- Data extract:
· · · · · · ·
Lemma dft_shift_inv x y c : (forall f, dft y f = w ^+ (c * f) * dft x f) ->
  forall j, at_modC y (j + c) = at_modC x j.
Proof.
move=> yx j; pose d i := at_modC y (i + c) - at_modC x i.
suff /eqP : d (j %% k)%N = 0 by rewrite subr_eq0 -at_modC_mod modnDml !at_modC_mod => /eqP.
apply: dft_inj0 (ltn_pmod j k_gt0) => f f_lt_k.
have wfc_neq0 : w ^+ (f * c) != 0 by rewrite expf_neq0 // (prim_root_eq0 w_prim) -lt0n.
apply: (mulIf wfc_neq0); rewrite mul0r /d.
under eq_bigr => i _ do rewrite mulrBr.
by rewrite sumrB mulrBl dft_shift -/(dft x f) yx mulnC mulrC subrr.
Qed.

Section SameStats.

Variables x y : k.-tuple int.
Hypothesis xy : same_cyc_stats x y.

Lemma dft_eq0_same f : (dft x f == 0) = (dft y f == 0).
Proof.
have pair_eq : dft x f * dft x (opp_mod k f) = dft y f * dft y (opp_mod k f).
  have := prod_dft_eq xy (s := [:: f; opp_mod k f]).
  by rewrite !big_cons !big_nil !mulr1; apply=> //=; rewrite addn0 dvdn_opp_mod.
have opp_gcd : gcdn (opp_mod k f) k = gcdn f k by rewrite gcdn_opp_mod.
have zero_transfer (a b : k.-tuple int) :
    dft a f * dft a (opp_mod k f) = dft b f * dft b (opp_mod k f) ->
    dft a f = 0 -> dft b f = 0.
  move=> ab a0; move/esym/eqP: ab; rewrite a0 mul0r mulf_eq0.
  by case/orP=> /eqP // /(dft_eq0_gcd opp_gcd).
by apply/eqP/eqP; apply: zero_transfer.
Qed.

Lemma dft_ratio_trivial :
  zero_sum_trivial k (fun f => dft x f != 0) (fun f => dft y f / dft x f).
Proof.
move=> s s_supp s_size k_dvd; rewrite big_split /= prodfV.
by rewrite -(prod_dft_eq xy s_size k_dvd) divff // prodf_seq_neq0.
Qed.

Lemma dft_expr : exists c, forall f, dft y f = w ^+ (c * f) * dft x f.
Proof.
have supp_gcd f f' : gcdn f k = gcdn f' k -> dft x f != 0 -> dft x f' != 0.
  by move=> ff'; apply: contra => /eqP /(dft_eq0_gcd (esym ff')) ->.
have [c ratio_expr] := zero_sum_trivial_expr k_gt0 w_prim supp_gcd dft_ratio_trivial.
exists c => f; have [x0 | x_neq0] := eqVneq (dft x f) 0.
  by rewrite x0 mulr0; apply/eqP; rewrite -dft_eq0_same x0.
by rewrite -ratio_expr // divfK.
Qed.

End SameStats.

End Fourier.

Theorem lemma3p11 (k : nat) (x y : k.-tuple int) :
  (forall (m : nat) (i : 'I_m -> nat), (1 <= m <= 6)%N ->
     (forall l, (1 <= i l <= k)%N) ->
     cyc_stat i x = cyc_stat i y) ->
  exists c : int, forall j : nat, (1 <= j <= k)%N ->
     at_mod x j%:Z = at_mod y (j%:Z + c).
Proof.
move=> xy; have [k0 | k_gt0] := posnP k.
  exists 0 => j /andP[j_gt0 j_le_k].
  by rewrite k0 leqNgt j_gt0 in j_le_k.
have [w w_prim] := C_prim_root_exists k_gt0.
have [c yx] := dft_expr k_gt0 w_prim xy.
exists c%:Z => j _; apply: (@intr_inj algC).
by have := dft_shift_inv k_gt0 w_prim yx j; rewrite /at_modC PoszD => ->.
Qed.
(* Let $\mathcal{A},\widetilde{\mathcal{A}}$ be finite alphabets, $\pi:\mathcal{A}\to\widetilde{\mathcal{A}}$ a map, $D\geq1$, $\mathcal{F}\subseteq\mathcal{A}^{[\![1,D]\!]^2}$, $R\geq D$, and $M\subseteq\mathcal{A}^{[\![1,R]\!]^2}$ the set of locally $\mathcal{F}$-admissible patterns of size $R$. Assume that every $w\in M$ is vertically aligned after projection: $\pi(w(i,j))=\pi(w(i,j'))$ for all $i,j,j'\in[\![1,R]\!]$. Let $\mu$ be an ergodic shift-invariant probability measure with $\mu(\Sigma^2(\mathcal{A})\setminus[M])\leq\epsilon$ for some $\epsilon\in[0,1/2]$. Let $\widetilde{\mathcal{G}}=\{\widetilde G_a:a\in\widetilde{\mathcal{A}}\}$ with $\widetilde G_a=\{x:\pi(x(0))=a\}$ and $\mathcal{U}=\{[M],\Sigma^2(\mathcal{A})\setminus[M]\}$. Then (1) $\limsup_{n\to\infty}\frac{1}{n^2}H\big(\mathcal{U}^{[\![0,n-R]\!]^2},\mu\big)\leq H(\epsilon)$; (2) $\limsup_{n\to\infty}\frac{1}{n^2}H\big(\widetilde{\mathcal{G}}^{[\![1,n]\!]^2}\mid\mathcal{U}^{[\![0,n-R]\!]^2},\mu\big)\leq\big(\frac{8}{R}+\epsilon\big)\ln(\mathrm{card}(\widetilde{\mathcal{A}}))$, where $H(\epsilon)=-\epsilon\ln\epsilon-(1-\epsilon)\ln(1-\epsilon)$ (with $H(0)=0$).
   Context: A pattern $w\in\mathcal{A}^{[\![1,R]\!]^2}$ is locally $\mathcal{F}$-admissible if $(\sigma^u w)|_{[\![1,D]\!]^2}\notin\mathcal{F}$ for all $u\in[\![0,R-D]\!]^2$, where $\sigma^u(w)(v)=w(u+v)$. $[M]=\{x\in\mathcal{A}^{\mathbb{Z}^2}:x|_{[\![1,R]\!]^2}\in M\}$. For a partition $\mathcal{P}$ and finite $S\subseteq\mathbb{Z}^2$, $\mathcal{P}^S=\bigvee_{u\in S}\sigma^{-u}\mathcal{P}$; $H(\mathcal{P},\mu)=-\sum_{P}\mu(P)\ln\mu(P)$ and $H(\mathcal{P}\mid\mathcal{Q},\mu)$ is the conditional entropy. *)

From HB Require Import structures.
From mathcomp Require Import all_boot all_order all_algebra.
From mathcomp Require Import all_classical all_reals all_analysis.
Set Implicit Arguments.
Unset Strict Implicit.
Unset Printing Implicit Defensive.
Import Order.TTheory GRing.Theory Num.Theory.
Local Open Scope classical_set_scope.
Local Open Scope ring_scope.

(* Configurations of the full shift Sigma^2(A) = A^{Z^2}.  The extra
   element a0 only serves to equip the type with a pointed structure,
   required by MathComp-Analysis measurable types. *)
Definition cfg (A : finType) (a0 : A) : pointedType :=
  HB.pack (int * int -> A)%type (Choice.on (int * int -> A)%type)
    (isPointed.Build (int * int -> A)%type (fun _ => a0)).

Definition cyl (A : finType) (a0 : A) : set (set (@cfg A a0)) :=
  [set E | exists (u : int * int) (a : A), E = [set x | x u = a]].

Definition Sigma2 (A : finType) (a0 : A) := g_sigma_algebraType (@cyl A a0).

Definition shift (A : Type) (u : int * int) (x : int * int -> A) : int * int -> A :=
  fun v => x (u.1 + v.1, u.2 + v.2).

Definition shift_invariant (A : finType) (a0 : A) (RR : realType)
  (mu : probability (Sigma2 a0) RR) : Prop :=
  forall (u : int * int) (E : set (Sigma2 a0)), measurable E ->
    mu ((shift u) @^-1` E) = mu E.

Definition ergodic (A : finType) (a0 : A) (RR : realType)
  (mu : probability (Sigma2 a0) RR) : Prop :=
  forall E : set (Sigma2 a0), measurable E ->
    (forall u : int * int, (shift u) @^-1` E = E) ->
    mu E = 0%E \/ mu E = 1%E.

(* A pattern on [[1,N]]^2 is encoded as a finite function on 'I_N * 'I_N,
   the ordinal k standing for the coordinate k+1. *)
Lemma ord_shift_proof (R D a : nat) (H : (a + D <= R)%N) (i : 'I_D) :
  (a + i < R)%N.
Proof. by apply: leq_trans H; rewrite ltn_add2l. Qed.

Definition ord_shift (R D a : nat) (H : (a + D <= R)%N) (i : 'I_D) : 'I_R :=
  Ordinal (ord_shift_proof H i).

Definition loc_adm (A : finType) (D R : nat) (F : {set {ffun 'I_D * 'I_D -> A}})
  (w : {ffun 'I_R * 'I_R -> A}) : Prop :=
  forall (a b : nat) (Ha : (a + D <= R)%N) (Hb : (b + D <= R)%N),
    [ffun v : 'I_D * 'I_D => w (ord_shift Ha v.1, ord_shift Hb v.2)] \notin F.

Definition restr (A : Type) (R : nat) (x : int * int -> A)
  : {ffun 'I_R * 'I_R -> A} :=
  [ffun k : 'I_R * 'I_R => x ((k.1.+1)%:Z, (k.2.+1)%:Z)].

Definition cylM (A : finType) (D R : nat) (F : {set {ffun 'I_D * 'I_D -> A}})
  : set (int * int -> A) :=
  [set x | loc_adm F (restr R x)].

(* A finite partition is given by a labelling map f : T -> L; its cells are
   the fibres f^{-1}(l) (empty fibres contribute 0). *)
Definition xlnx (RR : realType) (t : RR) : RR := if t == 0 then 0 else t * ln t.

Definition part_entropy (T : Type) (RR : realType) (mu : set T -> \bar RR)
  (L : finType) (f : T -> L) : RR :=
  - \sum_(l : L) xlnx (fine (mu (f @^-1` [set l]))).

Definition cond_entropy (T : Type) (RR : realType) (mu : set T -> \bar RR)
  (L K : finType) (f : T -> L) (g : T -> K) : RR :=
  - \sum_(l : L) \sum_(k : K)
      (let p := fine (mu (f @^-1` [set l] `&` g @^-1` [set k])) in
       let q := fine (mu (g @^-1` [set k])) in
       if p == 0 then 0 else p * ln (p / q)).

(* P^S = \/_{u in S} sigma^{-u} P, for a finite index set S embedded in Z^2
   by toZ : the label of x is (f (sigma^u x))_{u in S} *)
Definition part_join (A : Type) (L S : finType) (toZ : S -> int * int)
  (f : (int * int -> A) -> L) (x : int * int -> A) : {ffun S -> L} :=
  [ffun s : S => f (shift (toZ s) x)].

(* [[0, n-R]]^2, indexed by 'I_(n+1-R) * 'I_(n+1-R) (empty if n < R) *)
Definition box0 (n R : nat) := ('I_(n.+1 - R) * 'I_(n.+1 - R))%type.
Definition box0Z (n R : nat) (s : box0 n R) : int * int := ((s.1 : nat)%:Z, (s.2 : nat)%:Z).

Definition box1 (n : nat) := ('I_n * 'I_n)%type.
Definition box1Z (n : nat) (s : box1 n) : int * int := (((s.1 : nat).+1)%:Z, ((s.2 : nat).+1)%:Z).

Definition labU (A : finType) (D R : nat) (F : {set {ffun 'I_D * 'I_D -> A}})
  (x : int * int -> A) : bool := `[< cylM R F x >].

Definition labG (A At : Type) (pi : A -> At) (x : int * int -> A) : At := pi (x (0, 0)).

Definition Hbin (RR : realType) (e : RR) : RR := - xlnx e - xlnx (1 - e).

From Pilot Require Import Defs.
From HB Require Import structures.
From mathcomp Require Import all_boot all_order all_algebra.
From mathcomp Require Import all_classical all_reals all_analysis.
From mathcomp Require Import zify lra ring.
Import Order.TTheory GRing.Theory Num.Theory.
Local Open Scope classical_set_scope.
Local Open Scope ring_scope.
Set Implicit Arguments. Unset Strict Implicit. Unset Printing Implicit Defensive.

(* (1) By shift invariance, each coordinate of the [U]-labelling of the box
   [[0,n-R]]^2 is "inadmissible" with probability beta = mu(~[M]) <= eps.
   Gibbs' inequality against the product of Bernoulli(eps) laws bounds the
   joint entropy by the number of coordinates times the cross entropy
   -((1-beta) ln(1-eps) + beta ln eps), which is at most H(eps) since
   beta <= eps <= 1/2.
   (2) On an admissible window the projected configuration is constant along
   columns, so given the [U]-labelling the [G]-labelling of [[1,n]]^2 is
   determined by its values on the sites not covered (together with the site
   below them) by an admissible window.  The conditional entropy is thus at
   most ln #|At| times the expected number of uncovered sites.  Off the bottom
   row, a site is uncovered only if one fixed window containing it is
   inadmissible, an event of probability beta; this gives n + beta n^2 <=
   (8/R + eps) n^2. *)

Lemma limn_esup_le_eventually (RR : realType) (u : nat -> \bar RR) (c : \bar RR) N :
  (forall n, (N <= n)%N -> (u n <= c)%E) -> (limn_esup u <= c)%E.
Proof.
move=> uc; apply: (@le_trans _ _ (ereal_sup (u @` [set k | (N <= k)%N]))).
  by apply: ereal_inf_lbound; exists [set k | (N <= k)%N] => //; exists N.
by apply: ub_ereal_sup => _ [k /= Nk <-]; exact: uc.
Qed.

Lemma measure_sum_fibers d (T : measurableType d) (RR : realType)
    (mu : {measure set T -> \bar RR}) (K : finType) (h : T -> K) (E : set T) (B : pred K) :
  measurable E -> (forall k, measurable (h @^-1` [set k])) ->
  (\sum_(k | B k) mu (h @^-1` [set k] `&` E) = mu (h @^-1` [set k | B k] `&` E))%E.
Proof.
move=> mE mh; rewrite [LHS](bigfs _ (index_enum_uniq K)); last first.
  by move=> k _; rewrite mem_index_enum.
rewrite -measure_fin_bigcup //.
- congr (mu _); apply/seteqP; split => [x [k /= Bk [hk Ex]]|x /= [Bx Ex]].
    by rewrite hk.
  by exists (h x).
- by move=> i j _ _ [x [[/= hi _] [/= hj _]]]; rewrite -hi -hj.
- by move=> k _; exact: measurableI.
Qed.

Section Entropy.
Variable RR : realType.
Implicit Types p q x y e : RR.

Lemma xlnxE x : xlnx x = x * ln x.
Proof. by rewrite /xlnx; case: eqP => [->|]; rewrite ?mul0r. Qed.

Lemma ln_le_subr1 y : 0 < y -> ln y <= y - 1.
Proof.
move=> y0; have := @le_ln1Dx RR (y - 1).
rewrite addrCA subrr addr0; apply; rewrite ltrBrDl; lra.
Qed.

Lemma oppr_xlnx_le p q : 0 <= p -> 0 <= q -> (0 < p -> 0 < q) ->
  - xlnx p <= - (p * ln q) + q - p.
Proof.
move=> p0 q0 pq; rewrite xlnxE; have [->|pp] := eqVneq p 0; first by lra.
have {}pp : 0 < p by rewrite lt_def pp.
have qp := pq pp.
have := ler_wpM2l p0 (ln_le_subr1 (divr_gt0 qp pp)).
rewrite ln_div ?posrE // !mulrBr mulr1 mulrCA divff ?gt_eqF // mulr1.
lra.
Qed.

Lemma gibbs_inequality (I : finType) (p q : I -> RR) :
  (forall i, 0 <= p i) -> (forall i, 0 <= q i) -> (forall i, 0 < p i -> 0 < q i) ->
  \sum_i q i <= \sum_i p i ->
  - \sum_i xlnx (p i) <= - \sum_i p i * ln (q i).
Proof.
move=> p0 q0 pq qp; rewrite -!sumrN.
apply: (le_trans (ler_sum _ (fun i _ => oppr_xlnx_le (p0 i) (q0 i) (@pq i)))).
rewrite !big_split /= !sumrN; lra.
Qed.

Lemma ln_prod (I : Type) (r : seq I) (P : pred I) (F : I -> RR) :
  (forall i, P i -> 0 < F i) ->
  ln (\prod_(i <- r | P i) F i) = \sum_(i <- r | P i) ln (F i).
Proof.
move=> F0; suff [] : 0 < \prod_(i <- r | P i) F i /\
                     ln (\prod_(i <- r | P i) F i) = \sum_(i <- r | P i) ln (F i) by [].
apply: (big_ind2 (fun a b => 0 < a /\ ln a = b)) => [|x1 x2 y1 y2 [x0 <-] [y0 <-]|i Pi].
- by rewrite ln1.
- by rewrite lnM ?posrE ?mulr_gt0.
- by split; [exact: F0|].
Qed.

(* Gibbs' inequality against the uniform distribution on the support of [p]. *)
Lemma entropy_le_ln_card_support (L : finType) (p : L -> RR) q :
  (forall l, 0 <= p l) -> q = \sum_l p l ->
  - \sum_l (if p l == 0 then 0 else p l * ln (p l / q))
    <= q * ln #|[set l | p l != 0]%SET|%:R.
Proof.
move=> p0 qE; set N := #|_|.
have [q0|qn0] := eqVneq q 0.
  have pl0 := psumr_eq0P (fun l _ => p0 l) (etrans (esym qE) q0).
  by rewrite big1 ?oppr0 ?q0 ?mul0r // => l _; rewrite pl0 ?eqxx.
have qp : 0 < q by rewrite lt_def qn0 qE sumr_ge0.
have [l0 pl0] : exists l, p l != 0.
  apply/existsP; apply: contraNT qn0; rewrite negb_exists qE => /forallP pl.
  by apply/eqP/big1 => l _; apply/eqP; move: (pl l); rewrite negbK.
have Np : 0 < N%:R :> RR by rewrite ltr0n; apply/card_gt0P; exists l0; rewrite inE.
pose r l := if p l != 0 then q / N%:R else 0.
have rp l : 0 < p l -> 0 < r l by rewrite /r => /lt0r_neq0 ->; rewrite divr_gt0.
have sr : \sum_l r l = q.
  rewrite /r -big_mkcond /= sumr_const (_ : #|_| = N); last first.
    by rewrite /N; apply: eq_card => l; rewrite inE.
  by rewrite -[_ *+ N]mulr_natr divfK ?gt_eqF.
have r0 l : 0 <= r l by rewrite /r; case: ifP => _ //; rewrite ltW // divr_gt0.
have gibbs : - \sum_l xlnx (p l) <= - \sum_l p l * ln (r l).
  by apply: gibbs_inequality => //; rewrite sr qE.
have E1 l : (if p l == 0 then 0 else p l * ln (p l / q)) = xlnx (p l) - p l * ln q.
  rewrite xlnxE; case: eqP => [->|/eqP pl]; first by rewrite !mul0r subrr.
  have plp : 0 < p l by rewrite lt_def pl p0.
  by rewrite ln_div ?posrE // mulrBr.
have E2 l : p l * ln (r l) = p l * ln q - p l * ln N%:R.
  rewrite /r; case: eqP => [->|_] /=; first by rewrite !mul0r subrr.
  by rewrite ln_div ?posrE // mulrBr.
rewrite (eq_bigr _ (fun l _ => E2 l)) in gibbs; rewrite (eq_bigr _ (fun l _ => E1 l)).
rewrite !sumrB -!mulr_suml -qE in gibbs *; lra.
Qed.
Lemma ex_partial_plus k f g x : ex_partial k f x -> ex_partial k g x ->
  ex_partial k (fun y => f y + g y) x.
Proof. intros [lf Hf] [lg Hg]; eexists; exact (has_partial_plus _ _ _ _ _ _ Hf Hg). Qed.

Lemma ex_partial_minus k f g x : ex_partial k f x -> ex_partial k g x ->
  ex_partial k (fun y => f y - g y) x.
Proof. intros [lf Hf] [lg Hg]; eexists; exact (has_partial_minus _ _ _ _ _ _ Hf Hg). Qed.

Lemma ex_partial_mult k f g x : ex_partial k f x -> ex_partial k g x ->
  ex_partial k (fun y => f y * g y) x.
Proof. intros [lf Hf] [lg Hg]; eexists; exact (has_partial_mult _ _ _ _ _ _ Hf Hg). Qed.

Lemma ex_partial_pow2 k f x : ex_partial k f x -> ex_partial k (fun y => f y ^ 2) x.
Proof.
  intros H; exact (ex_partial_mult _ _ _ _ H
                     (ex_partial_mult _ _ (fun _ => 1) _ H (ex_partial_const _ _ _))).
Qed.

Lemma ex_partial_div k f g x : ex_partial k f x -> ex_partial k g x -> g x <> 0 ->
  ex_partial k (fun y => f y / g y) x.
Proof.
  intros [lf Hf] [lg Hg] Hgx; eexists.
  apply (derivable_pt_lim_div _ _ _ _ _ Hf Hg); cbv beta; rewrite shift0; exact Hgx.
Qed.

Lemma ex_partial_sqrt k f x : ex_partial k f x -> 0 < f x -> ex_partial k (fun y => sqrt (f y)) x.
Proof.
  intros [l Hf] Hpos; eexists.
  eapply (derivable_pt_lim_comp (fun t => f (shift x k t)) sqrt _ _ _ Hf).
  apply derivable_pt_lim_sqrt; rewrite shift0; exact Hpos.
Qed.

Lemma ball_shift x k r h : Rabs h < r -> ball x r (shift x k h).
Proof.
  intros H; assert (h ^ 2 < r ^ 2).
  { rewrite <- (pow2_abs h); pose proof (Rabs_pos h); nra. }
  unfold ball, dist2; destruct k as [|[|k]]; simpl; nra.
Qed.

Lemma has_partial_zero_near k f x l r : 0 < r -> (forall y, ball x r y -> f y = 0) ->
  has_partial k f x l -> l = 0.
Proof.
  intros Hr Hf H.
  apply (uniqueness_limite (fun t => f (shift x k t)) 0); [exact H|].
  intros eps Heps; exists (mkposreal r Hr); intros h _ Hh; simpl in Hh.
  rewrite Rplus_0_l, !Hf.
  - replace ((0 - 0) / h - 0) with 0 by (unfold Rdiv; ring); rewrite Rabs_R0; exact Heps.
  - apply ball_shift; rewrite Rabs_R0; exact Hr.
  - apply ball_shift; exact Hh.
Qed.

Ltac ex_partial_arith leaf :=
  repeat first [ leaf | apply ex_partial_const | apply ex_partial_minus
               | apply ex_partial_plus | apply ex_partial_mult ].

Lemma defF_kernel (n0 u : pt -> vec) y : dot (n0 y) (n0 y) = 1 ->
  forall i, (i < 3)%nat -> mxv (defF n0 u y) (n0 y) i = 0.
Proof.
  intros Hn i Hi.
  exact (proj_add_mul_proj_kernel (n0 y) (fun i l => partial l (fun z => u z i) y) i Hi Hn).
Qed.

Lemma trmx_defF_defnu (n0 u : pt -> vec) y : dot (n0 y) (n0 y) = 1 ->
  forall j, (j < 3)%nat -> sum3 (fun i => defF n0 u y i j * defnu n0 u y i) = 0.
Proof.
  intros Hn j Hj; unfold defnu, Rdiv.
  transitivity (sum3 (fun i => defF n0 u y i j * cofn n0 u y i) * / vnorm (cofn n0 u y));
    [unfold sum3; ring|].
  pose proof (trmx_mul_cof3_kernel _ _ (defF_kernel n0 u y Hn) Hn j Hj) as H0.
  unfold mxv in H0; unfold cofn; rewrite H0; ring.
Qed.

Section DirectionalRegularity.

Variables (n0 u : pt -> vec) (x : pt) (k : nat).
Hypothesis n0_dk : forall i, (i < 3)%nat -> ex_partial k (fun y => n0 y i) x.
Hypothesis du_dk : forall i l, (i < 3)%nat -> (l < 3)%nat ->
  ex_partial k (partial l (fun y => u y i)) x.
· · · · · · ·
- What you will do: In the listing above, find the line with "- by rewrite lnM ?posrE ?mulr_gt0." and the line with "have sr : \sum_l r l = q.", then print exactly those two lines and every line between them, and nothing more.

- Problem solution:
- by rewrite lnM ?posrE ?mulr_gt0.
- by split; [exact: F0|].
Qed.

(* Gibbs' inequality against the uniform distribution on the support of [p]. *)
Lemma entropy_le_ln_card_support (L : finType) (p : L -> RR) q :
  (forall l, 0 <= p l) -> q = \sum_l p l ->
  - \sum_l (if p l == 0 then 0 else p l * ln (p l / q))
    <= q * ln #|[set l | p l != 0]%SET|%:R.
Proof.
move=> p0 qE; set N := #|_|.
have [q0|qn0] := eqVneq q 0.
  have pl0 := psumr_eq0P (fun l _ => p0 l) (etrans (esym qE) q0).
  by rewrite big1 ?oppr0 ?q0 ?mul0r // => l _; rewrite pl0 ?eqxx.
have qp : 0 < q by rewrite lt_def qn0 qE sumr_ge0.
have [l0 pl0] : exists l, p l != 0.
  apply/existsP; apply: contraNT qn0; rewrite negb_exists qE => /forallP pl.
  by apply/eqP/big1 => l _; apply/eqP; move: (pl l); rewrite negbK.
have Np : 0 < N%:R :> RR by rewrite ltr0n; apply/card_gt0P; exists l0; rewrite inE.
pose r l := if p l != 0 then q / N%:R else 0.
have rp l : 0 < p l -> 0 < r l by rewrite /r => /lt0r_neq0 ->; rewrite divr_gt0.
have sr : \sum_l r l = q.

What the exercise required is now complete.